Listen to this song while you read this, if you like.

Bandcamp Hunter began way back in the Melbourne spring of 2010. Much has changed in my life since then. People, cats, houses, jobs, study, beards…all have come and gone (and come back again in the case of beards), though many things remain the same. Music is still my great love and discovering new music still thrills me. Finding a band or singer/songwriter or synth alchemist who connects with you through their art is a beautiful thing. I feel privileged to have shared all of this music with you. To have consistently found that you seemed to dig it too has provided me with great joy. 

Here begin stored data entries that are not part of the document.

Section PowerIdealProduct.
Variables (K : fieldType) (N : nat) (a : nat -> nat) (r : nat).
Notation Rp := {mpoly K[N]}.
Notation bideal := (@bideal K N).
Implicit Types (p : Rp) (g h : 'X_{1..N}).

Definition bprod k : Rp -> Prop :=
  foldl (@ideal_mul K N) (bideal (a 1)) [seq bideal (a i) | i <- iota 3 k].

Definition bsum k := (a 1 + \sum_(3 <= i < 3 + k) a i)%N.

(* The generators of bprod k: X^(a_I1) Y^(a_I2) for a partition I1, I2 of
   {1} u [3, k + 2]. *)
Definition bsplit k g := exists I1 I2 : {set 'I_r.+1},
  [/\ [disjoint I1 & I2],
      forall i : 'I_r.+1, i \in I1 :|: I2 -> i = 1%N :> nat \/ (3 <= i < 3 + k)%N,
      g = xy N (\sum_(i in I1) a i) (\sum_(i in I2) a i)
    & (\sum_(i in I1) a i + \sum_(i in I2) a i = bsum k)%N].

Lemma bprodS k : bprod k.+1 = ideal_mul (bprod k) (bideal (a (3 + k))).
Proof. by rewrite /bprod -(addn1 k) iotaD map_cat foldl_cat. Qed.

Lemma bsumS k : bsum k.+1 = (bsum k + a (3 + k))%N.
Proof. by rewrite /bsum addnS big_nat_recr /= ?addnA //; lia. Qed.

Lemma bideal_pow b : bideal b 'X_[xy N b 0] /\ bideal b 'X_[xy N 0 b].
Proof. by split; apply: ideal_gen_mem; [left|right]. Qed.

Lemma bideal_supp b p :
  bideal b p -> supp_mdiv_by (fun g => g = xy N b 0 \/ g = xy N 0 b) p.
Proof. by apply: supp_mdiv_by_gen => q [] ->; apply: supp_mdiv_byX; [left|right]. Qed.

Lemma bprod_pow k : bprod k 'X_[xy N (bsum k) 0] /\ bprod k 'X_[xy N 0 (bsum k)].
Proof.
elim: k => [|k [IHx IHy]]; first by rewrite /bsum big_geq // addn0; exact: bideal_pow.
have [bX bY] := bideal_pow (a (3 + k)).
have Ex : xy N (bsum k + a (3 + k)) 0 = (xy N (bsum k) 0 + xy N (a (3 + k)) 0)%MM.
  by rewrite xyD.
have Ey : xy N 0 (bsum k + a (3 + k)) = (xy N 0 (bsum k) + xy N 0 (a (3 + k)))%MM.
  by rewrite xyD.
by rewrite bprodS bsumS Ex Ey; split; apply: ideal_mul_mpolyXD.
Qed.

Lemma bsplit0 g : (0 < r)%N ->
  g = xy N (a 1) 0 \/ g = xy N 0 (a 1) -> bsplit 0 g.
Proof.
move=> r0; set i1 : 'I_r.+1 := inord 1.
have i1E : i1 = 1%N :> nat by rewrite inordK.
have in_i1 i : i \in [set i1] -> i = 1%N :> nat by rewrite inE => /eqP ->.
have sum_i1 : \sum_(i in [set i1]) a i = a 1 by rewrite big_set1 i1E.
have bsum0 : bsum 0 = a 1 by rewrite /bsum big_geq ?addn0.
case=> ->.
  exists [set i1], set0; rewrite disjoints1 inE sum_i1 big_set0 bsum0 !addn0.
  by split => // i; rewrite setU0 => /in_i1; left.
exists set0, [set i1]; rewrite disjoint_sym disjoints1 inE sum_i1 big_set0 bsum0 add0n.
by split => // i; rewrite set0U => /in_i1; left.
Qed.

Lemma bsplitS k g h : (3 + k <= r)%N -> bsplit k g ->
  h = xy N (a (3 + k)) 0 \/ h = xy N 0 (a (3 + k)) -> bsplit k.+1 (g + h).
Proof.
move=> hk [I1 [I2 [dj hI -> hs]]].
set j : 'I_r.+1 := inord (3 + k).
have jE : j = (3 + k)%N :> nat by rewrite inordK // ltnS.
have [j1 j2] : j \notin I1 /\ j \notin I2.
  by apply/norP; rewrite -in_setU; apply/negP => /hI; rewrite jE; lia.
have hIS i : i \in j |: (I1 :|: I2) -> i = 1%N :> nat \/ (3 <= i < 3 + k.+1)%N.
  by rewrite in_setU1 => /orP[/eqP ->|/hI]; rewrite ?jE; lia.
case=> ->; rewrite xyD.
  exists (j |: I1), I2; rewrite disjoint_setU1 j2 dj big_setU1 //= jE bsumS -hs.
  split=> //; [by move=> i; rewrite -setUA => /hIS | by rewrite addnC addn0 |].
  by rewrite -addnA addnC.
exists I1, (j |: I2).
rewrite disjoint_sym disjoint_setU1 j1 disjoint_sym dj big_setU1 //= jE bsumS -hs.
split=> //; [by move=> i; rewrite setUCA => /hIS | by rewrite addn0 addnC |].
by rewrite addnCA addnC.
Qed.

Lemma bprod_supp k : (3 + k <= r.+1)%N ->
  forall p, bprod k p -> supp_mdiv_by (bsplit k) p.
Proof.
elim: k => [|k IH] hk p.
  by move/bideal_supp; apply: supp_mdiv_by_sub => g; apply: bsplit0; lia.
rewrite bprodS => /(supp_mdiv_by_mul (IH (ltnW hk)) (@bideal_supp _)).
by apply: supp_mdiv_by_sub => _ [g [h [Sg Bh ->]]]; apply: bsplitS => //; lia.
Qed.

End PowerIdealProduct.

Section Btilde.
Variables (K : fieldType) (N : nat) (hN : (2 <= N)%N) (a : nat -> nat) (r : nat).
Hypothesis hr : (3 <= r)%N.
Notation D := (a 1 + \sum_(3 <= i < r.+1) a i)%N.
Implicit Types (p : {mpoly K[N]}) (g : 'X_{1..N}).

Lemma bsplit_mdeg k g : bsplit a r k g -> mdeg g = bsum a k.
Proof. by case=> I1 [I2 [_ _ -> <-]]; exact: mdeg_xy. Qed.

Lemma bsum_btilde : bsum a (r - 2) = D.
Proof. by rewrite /bsum (_ : 3 + (r - 2) = r.+1)%N //; lia. Qed.

Lemma btilde_pow :
  btilde (K:=K) a r 'X_[xy N D 0] /\ btilde (K:=K) a r 'X_[xy N 0 D].
Proof.
rewrite -bsum_btilde; have [bX bY] := bprod_pow K N a (r - 2).
by split; apply: ideal_gen_mem; left.
Qed.

(* The extra generator X^(a_[3,r] - a_2) Y^(a_3 - a_2) has degree > D by (C2). *)
Lemma btilde_supp p : (0 < a 1)%N -> (2 * (\sum_(1 <= j < 3) a j) < a 3)%N ->
  btilde (K:=K) a r p ->
  supp_mdiv_by (fun g => (bsplit a r (r - 2) g /\ mdeg g = D) \/ (D < mdeg g)%N) p.
Proof.
move=> a1_gt0 a3_gt; apply: supp_mdiv_by_gen => q [hq|->].
  have hk : (3 + (r - 2) <= r.+1)%N by lia.
  apply: supp_mdiv_by_sub (bprod_supp (r:=r) hk hq) => g hg.
  by left; split; rewrite // -bsum_btilde; exact: bsplit_mdeg.
apply: supp_mdiv_byX; right; rewrite mdeg_xy //.
have : (a 3 <= \sum_(3 <= i < r.+1) a i)%N by rewrite big_ltn ?leq_addr.
move: a3_gt; rewrite big_ltn // big_ltn // big_geq //; lia.
Qed.

End Btilde.

Unset Implicit Arguments.

Theorem lemma4p12 (K : fieldType) (N : nat) (hN : (2 <= N)%N)
  (n : nat) (hn : (3 <= n)%N) (a : nat -> nat)
  (hpos : forall i, (1 <= i <= n.+1)%N -> (0 < a i)%N)
  (C1 : a n.+1 = ((\sum_(1 <= i < n) a i) + 2 * a n)%N)
  (C2 : forall i, (1 <= i <= n - 1)%N -> (2 * (\sum_(1 <= j < i.+1) a j) < a i.+1)%N)
  (r : nat) (hr : (3 <= r <= n)%N)
  (A B : {mpoly K[N]} -> Prop)
  (hA : in_Mon A) (hB : in_Mon B)
  (hA1 : ne_unit_ideal A) (hB1 : ne_unit_ideal B)
  (hAB : ideal_eq (btilde (K:=K) (N:=N) a r) (ideal_mul A B))
  (al be : nat) (hal : is_mdeg A al) (hbe : is_mdeg B be) :
  ((1 <= al)%N /\ (1 <= be)%N /\ (al + be = a 1%N + \sum_(3 <= i < r.+1) a i)%N) /\
  (in_G A (xy N al 0) /\ in_G A (xy N 0 al) /\
   in_G B (xy N be 0) /\ in_G B (xy N 0 be)) /\
  (exists I1 I2 : {set 'I_r.+1},
     (forall i : 'I_r.+1, i \in I1 :|: I2 -> (i : nat) = 1%N \/ (3 <= i)%N) /\
     [disjoint I1 & I2] /\
     al = (\sum_(i in I1) a i)%N /\ be = (\sum_(i in I2) a i)%N).
Proof.
have [hr3 hrn] := andP hr.
have bt_supp p :=
  btilde_supp (K:=K) (p:=p) hN hr3 (hpos 1%N ltac:(lia)) (C2 2%N ltac:(lia)).
have [bX bY] := btilde_pow K hN a hr3.
rewrite (xy_u0 hN) in bX; rewrite (xy_0v hN) in bY.
have [[MA genA] [MB genB]] := (monomial_ideal_mgen hA.1, monomial_ideal_mgen hB.1).
have [gA MgA dgA] := is_mdeg_mgen genA hal.
have [gB MgB dgB] := is_mdeg_mgen genB hbe.
have leD : (a 1 + \sum_(3 <= i < r.+1) a i <= al + be)%N.
  have := ideal_mul_mpolyXD (genA.2 _ MgA) (genB.2 _ MgB).
  case/hAB/bt_supp/mdiv_by_mpolyX => g Hg /lepm_mdeg; rewrite mdegD dgA dgB.
  by case: Hg => [[_ ->]|]; lia.
have [XA XB eD] := ideal_mul_mulmn1 genA genB hal hbe leD (proj1 (hAB _) bX).
have [YA YB _] := ideal_mul_mulmn1 genA genB hal hbe leD (proj1 (hAB _) bY).
have al_gt0 : (0 < al)%N by rewrite -dgA; exact: mdeg_gt0_proper hA1 (genA.2 _ MgA).
have be_gt0 : (0 < be)%N by rewrite -dgB; exact: mdeg_gt0_proper hB1 (genB.2 _ MgB).
split; first by [].
split; first by rewrite !(xy_u0 hN) !(xy_0v hN); split; [|split; [|split]];
  apply: in_G_min_mdeg.
rewrite -(xy_u0 hN) -(xy_0v hN) in XA YB.
have := ideal_mul_mpolyXD XA YB; rewrite xyD addn0 add0n.
case/hAB/bt_supp/mdiv_by_mpolyX => g [[[I1 [I2 [dj hI -> _]]] dg]|lt] le; last first.
  by have := lepm_mdeg le; rewrite mdeg_xy //; lia.
have [<- <-] := xy_inj hN (lepm_mdeg_eq le ltac:(rewrite dg mdeg_xy //; lia)).
by exists I1, I2; split=> // i /hI; lia.
Qed.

However. Time is the thing. 

These days I am in the second year of a degree studying wildlife and conservation biology. In the first year of study I found the juggling of study, work and blogging to be reasonably manageable but-as fellow students will concur-in second year things step up a bit. The load has intensified. As such I need to bring Bandcamp Hunter to a close. I don’t like saying it’s “dead”, it’s possible I’ll bring it back at some point. Anything Could Happen, you know.The phrase a friend and fellow sci fi geek recommend I use is “in stasis”. I’m not ruling out bringing BCH back from its deep space slumber in a year or five years or ten years, or a clone of me bringing it back in two hundred years, but for now it is entering that frosty compartment and being jettisoned to the outer reaches. I’ve considered scaling the site back and not posting as often but the thing is I spend a lot of time Bandcamp Hunting - too much. BCH has been an overwhelmingly positive experience for me but I’ve also developed some bad habits while running it. I need to spend less time on the internet.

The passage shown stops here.